Answer with the number of lines in the records that contain "case" and with nothing else.

=== Section Start ===

(* Let $G$ be a locally compact group and $\mathcal K$ a class of finite algebras. Then $G$ is approximable by systems of $\mathcal K$ in the group sense (Definition B below) if and only if it is approximable by systems of $\mathcal K$ in the general sense (Definition A below).
   Context: An algebra is a set with one binary operation; $(H,\odot)$ denotes a finite algebra. Definition A (general): for a compact $C\subseteq G$ and a finite cover $\mathcal U$ of $C$ by open sets, $j:H\to G$ gives a $(C,\mathcal U)$-approximation if every $U\in\mathcal U$ with $U\cap C\neq\emptyset$ contains a point of $j(H)$, and for all $x,y\in H$ with $j(x),j(y),j(x)j(y)\in C$ there is $U\in\mathcal U$ with $j(x\odot y)\in U$ and $j(x)j(y)\in U$; $G$ is approximable by $\mathcal K$ if for all such $C,\mathcal U$ there is a $(C,\mathcal U)$-approximation $(H,j)$ with $H\in\mathcal K$ and $j$ injective. Definition B (group): for a compact $C\subseteq G$ and a neighborhood $U$ of the unit, $j:H\to G$ gives a $(C,U)$-approximation if $C\subseteq j(H)U$ and for all $x,y\in H$ with $j(x),j(y),j(x)j(y)\in C$ one has $j(x\odot y)\in j(x)j(y)U$; $G$ is approximable by $\mathcal K$ if for all compact $C$ and all neighborhoods $U$ of the unit there is a $(C,U)$-approximation $(H,j)$ with $H\in\mathcal K$ and $j$ injective. *)

From HB Require Import structures.
From mathcomp Require Import all_boot all_order all_algebra.
From mathcomp Require Import all_classical all_reals all_analysis.
Set Implicit Arguments. Unset Strict Implicit. Unset Printing Implicit Defensive.
Local Open Scope classical_set_scope.

Record topological_group (G : topologicalType)
    (mul : G -> G -> G) (inv : G -> G) (one : G) : Prop := {
  tg_mulA : forall x y z, mul x (mul y z) = mul (mul x y) z;
  tg_mul1g : forall x, mul one x = x;
  tg_mulg1 : forall x, mul x one = x;
  tg_mulVg : forall x, mul (inv x) x = one;
  tg_mulgV : forall x, mul x (inv x) = one;
  tg_mul_cont : continuous (fun p : G * G => mul p.1 p.2);
  tg_inv_cont : continuous inv }.

Definition locally_compact_space (G : topologicalType) : Prop :=
  hausdorff_space G /\ forall x : G, exists K : set G, compact K /\ nbhs x K.

Definition algebra_class := forall H : finType, (H -> H -> H) -> Prop.

Definition general_approx (G : topologicalType) (mul : G -> G -> G)
    (C : set G) (Us : seq (set G)) (H : finType) (op : H -> H -> H)
    (j : H -> G) : Prop :=
  (forall U, U \in Us -> U `&` C !=set0 -> exists h : H, U (j h)) /\
  (forall x y : H, C (j x) -> C (j y) -> C (mul (j x) (j y)) ->
     exists2 U, U \in Us & U (j (op x y)) /\ U (mul (j x) (j y))).

Definition approximable_general (G : topologicalType) (mul : G -> G -> G)
    (K : algebra_class) : Prop :=
  forall (C : set G) (Us : seq (set G)),
    compact C -> (forall U, U \in Us -> open U) ->
    C `<=` (fun g => exists2 U, U \in Us & U g) ->
    exists (H : finType) (op : H -> H -> H) (j : H -> G),
      K H op /\ injective j /\ general_approx mul C Us op j.

Definition group_approx (G : topologicalType) (mul : G -> G -> G)
    (C U : set G) (H : finType) (op : H -> H -> H) (j : H -> G) : Prop :=
  (forall c, C c -> exists h u, U u /\ c = mul (j h) u) /\
  (forall x y : H, C (j x) -> C (j y) -> C (mul (j x) (j y)) ->
     exists u, U u /\ j (op x y) = mul (mul (j x) (j y)) u).

Definition approximable_group (G : topologicalType) (mul : G -> G -> G)
    (one : G) (K : algebra_class) : Prop :=
  forall (C U : set G), compact C -> nbhs one U ->
    exists (H : finType) (op : H -> H -> H) (j : H -> G),
      K H op /\ injective j /\ group_approx mul C U op j.

From HB Require Import structures.
From mathcomp Require Import all_boot all_order all_algebra.
From mathcomp Require Import all_classical all_reals all_analysis.
Set Implicit Arguments. Unset Strict Implicit. Unset Printing Implicit Defensive.
Local Open Scope classical_set_scope.

(* (B => A): given a finite open cover Us of C, take a unit neighbourhood V so
   small that every c in C and every c v (v in V) lie in a common member of Us
   (a Lebesgue-number argument on the compact C), and that c_U v^-1 stays in U
   for a fixed point c_U of each U meeting C.  A (C, V)-approximation writes
   c_U = j(h) v, so j(h) = c_U v^-1 lies in U; and j(x.y) = j(x) j(y) v lies
   with j(x) j(y) in one member of Us.
   (A => B): given a unit neighbourhood U, cover C by finitely many open W
   with W^-1 W inside U.  A (C, Ws)-approximation puts some j(h) in the W
   containing c, so c = j(h) (j(h)^-1 c) with j(h)^-1 c in U, and puts j(x.y)
   and j(x) j(y) in a common W. *)

Lemma compact_seq_cover (T : topologicalType) (C : set T) (f : T -> set T) :
  compact C -> (forall c, open (f c)) -> (forall c, C c -> f c c) ->
  exists s : seq T, C `<=` \bigcup_(c in [set` s]) f c.
Proof.
move=> cC fo Cf; have [->|/set0P[c0 _]] := eqVneq C set0; first by exists [::].
(* [compact_cover] is stated for pointed spaces. *)
pose pT := HB.pack_for ptopologicalType T (isPointed.Build T c0).
have : @cover_compact pT C by rewrite -compact_cover.
case/(_ T C f (fun c _ => fo c)) => [c Cc|D _ sub].
  by exists c => //; exact: Cf.
by exists (finmap.enum_fset D) => c /sub[d Dd fdc]; exists d.
Qed.

Section TopologicalGroup.
Variables (G : topologicalType) (mul : G -> G -> G) (inv : G -> G) (one : G).
Hypothesis tg : topological_group mul inv one.

Lemma mulKVg x y : mul x (mul (inv x) y) = y.
Proof. by rewrite (tg_mulA tg) (tg_mulgV tg) (tg_mul1g tg). Qed.

Lemma mulgVK x y : mul (mul x y) (inv y) = x.
Proof. by rewrite -(tg_mulA tg) (tg_mulgV tg) (tg_mulg1 tg). Qed.

Lemma invg1 : inv one = one.
Proof. by rewrite -{2}(tg_mulVg tg one) (tg_mulg1 tg). Qed.

Lemma continuous_mull c : continuous (mul c).
Proof.
move=> x; apply: (@continuous_comp _ _ _ (fun y => (c, y))
  (fun p => mul p.1 p.2)).
  apply: cvg_pair; [exact: cvg_cst | exact: cvg_id].
exact: (@tg_mul_cont _ _ _ _ tg (c, x)).
Qed.

Lemma continuous_ldiv : continuous (fun p : G * G => mul (inv p.1) p.2).
Proof.
move=> p; apply: (@continuous_comp _ _ _ (fun q : G * G => (inv q.1, q.2))
  (fun q => mul q.1 q.2)).
  apply: cvg_pair; last exact: cvg_snd.
  exact: (cvg_comp _ _ (@cvg_fst _ _ (nbhs p.1) (nbhs p.2) _)
                    (@tg_inv_cont _ _ _ _ tg p.1)).
exact: (@tg_mul_cont _ _ _ _ tg (inv p.1, p.2)).
Qed.

Lemma near_one_mulV c (U : set G) : open U -> U c ->
  \forall v \near one, U (mul c (inv v)).
Proof.
move=> oU Uc.
have := continuous_comp (@tg_inv_cont _ _ _ _ tg one)
  (@continuous_mull c (inv one)).
by apply; rewrite /= invg1 (tg_mulg1 tg); exact: open_nbhs_nbhs.
Qed.

Lemma near_one_mul_cover (C : set G) (Us : seq (set G)) :
  compact C -> (forall U, U \in Us -> open U) ->
  C `<=` (fun g => exists2 U, U \in Us & U g) ->
  \forall i \near one,
    forall c, C c -> exists2 U, U \in Us & U c /\ U (mul c i).
Proof.
move=> cC oUs cov.
apply: ((compact_near_coveringP C).1 cC G (nbhs one)
  (fun i c => exists2 U, U \in Us & U c /\ U (mul c i)) _) => c Cc.
have [U UUs Uc] := cov c Cc.
have nU : nbhs c U by apply: open_nbhs_nbhs; split => //; exact: oUs.
have nU1 : nbhs (mul c one) U by rewrite (tg_mulg1 tg).
have near_mul : \forall p \near (c, one), U (mul p.1 p.2) :=
  @tg_mul_cont _ _ _ _ tg (c, one) _ nU1.
have near_fst : \forall p \near (c, one), U p.1 :=
  @cvg_fst _ _ _ _ (nbhs_filter one) _ nU.
apply: (@filterS _ _ _ (fun p => U (mul p.1 p.2) /\ U p.1)).
  by move=> -[x i] /= [Uxi Ux]; exists U.
exact: filterI near_mul near_fst.
Qed.

Lemma near_one_mulV_reps (C : set G) (Us : seq (set G)) :
  (forall U, U \in Us -> open U) ->
  exists r : set G -> G, (forall U, U `&` C !=set0 -> (U `&` C) (r U)) /\
    \forall v \near one,
      forall U, U \in Us -> U `&` C !=set0 -> U (mul (r U) (inv v)).
Proof.
move=> oUs.
have /choice[r rUC] : forall U : set G, exists c, U `&` C !=set0 -> (U `&` C) c.
  move=> U; have [[c UCc]|nUC] := pselect (U `&` C !=set0); first by exists c.
  by exists one.
exists r; split => //.
have near_r (U : seq_sub Us) :
    \forall v \near one, val U `&` C !=set0 -> val U (mul (r (val U)) (inv v)).
  have [UC|nUC] := pselect (val U `&` C !=set0).
    have [Ur _] := rUC _ UC.
    by apply: filterS (near_one_mulV (oUs _ (valP U)) Ur) => v.
  by apply: filterS filterT => v _ /nUC.
apply: filterS (filter_forall _ near_r) => v rV U UUs.
exact: (rV (SeqSub UUs)).
Qed.

Lemma ldiv_open_nbhs (U : set G) c : nbhs one U ->
  exists W, [/\ open W, W c & forall a b, W a -> W b -> U (mul (inv a) b)].
Proof.
move=> nU; have : nbhs (mul (inv c) c) U by rewrite (tg_mulVg tg).
move=> /(@continuous_ldiv (c, c)) [[A B] /= [nA nB] AB].
exists (interior (A `&` B)); split; first exact: open_interior.
  exact: filterI nA nB.
by move=> a b /interior_subset[Aa _] /interior_subset[_ Bb]; exact: (AB (a, b)).
Qed.

Lemma group_approx_general (C : set G) (Us : seq (set G)) :
  compact C -> (forall U, U \in Us -> open U) ->
  C `<=` (fun g => exists2 U, U \in Us & U g) ->
  exists2 V, nbhs one V & forall (H : finType) (op : H -> H -> H) (j : H -> G),
    group_approx mul C V op j -> general_approx mul C Us op j.
Proof.
move=> cC oUs cov; have [r [rUC near_r]] := near_one_mulV_reps C oUs.
apply: ex_intro2 (filterI (near_one_mul_cover cC oUs cov) near_r) _.
move=> H op j [jC jmul]; split.
  move=> U UUs UC; have [_ Cr] := rUC U UC.
  have [h [v [[_ Vv] rE]]] := jC _ Cr.
  by exists h; have := Vv U UUs UC; rewrite rE mulgVK.
move=> x y Cx Cy Cxy; have [u [[Vu _] ->]] := jmul x y Cx Cy Cxy.
by have [U UUs [U1 U2]] := Vu _ Cxy; exists U.
Qed.

Lemma general_approx_group (C U : set G) : compact C -> nbhs one U ->
  exists Us : seq (set G), [/\ forall W, W \in Us -> open W,
    C `<=` (fun g => exists2 W, W \in Us & W g) &
    forall (H : finType) (op : H -> H -> H) (j : H -> G),
      general_approx mul C Us op j -> group_approx mul C U op j].
Proof.
move=> cC nU; have [W Wc] := choice (fun c => ldiv_open_nbhs c nU).
have Wo c : open (W c) by case: (Wc c).
have Wcc c : W c c by case: (Wc c).
have Wdiv c a b : W c a -> W c b -> U (mul (inv a) b).
  by case: (Wc c) => _ _; apply.
have [s sC] := compact_seq_cover cC Wo (fun c _ => Wcc c).
exists (map W s); split.
- by move=> _ /mapP[c _ ->]; exact: Wo.
- by move=> g /sC[c cs Wcg]; exists (W c) => //; exact: map_f.
move=> H op j [jO jmul]; split.
  move=> g Cg; have [c cs Wcg] := sC g Cg.
  have [h Wjh] := jO (W c) (map_f W cs) (ex_intro _ g (conj Wcg Cg)).
  exists h, (mul (inv (j h)) g).
  by split; [exact: Wdiv Wjh Wcg | rewrite mulKVg].
move=> x y Cx Cy Cxy.
have [_ /mapP[c _ ->] [Wjxy Wxy]] := jmul x y Cx Cy Cxy.
exists (mul (inv (mul (j x) (j y))) (j (op x y))).
by split; [exact: Wdiv Wxy Wjxy | rewrite mulKVg].
Qed.

End TopologicalGroup.

Theorem proposition3 (G : topologicalType) (mul : G -> G -> G) (inv : G -> G)
    (one : G) (K : algebra_class) :
  topological_group mul inv one -> locally_compact_space G ->
  (approximable_group mul one K <-> approximable_general mul K).
Proof.
move=> tg _; split.
- move=> approxB C Us cC oUs cov.
  have [V nV VUs] := group_approx_general tg cC oUs cov.
  have [H [op [j [KH [jinj jV]]]]] := approxB C V cC nV.
  by exists H, op, j; split; [|split; [|exact: VUs]].
- move=> approxA C U cC nU.
  have [Us [oUs cov UsU]] := general_approx_group tg cC nU.
  have [H [op [j [KH [jinj jUs]]]]] := approxA C Us cC oUs cov.
  by exists H, op, j; split; [|split; [|exact: UsU]].
Qed.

=== Section End ===

- [RESULT FOR THIS TASK] 4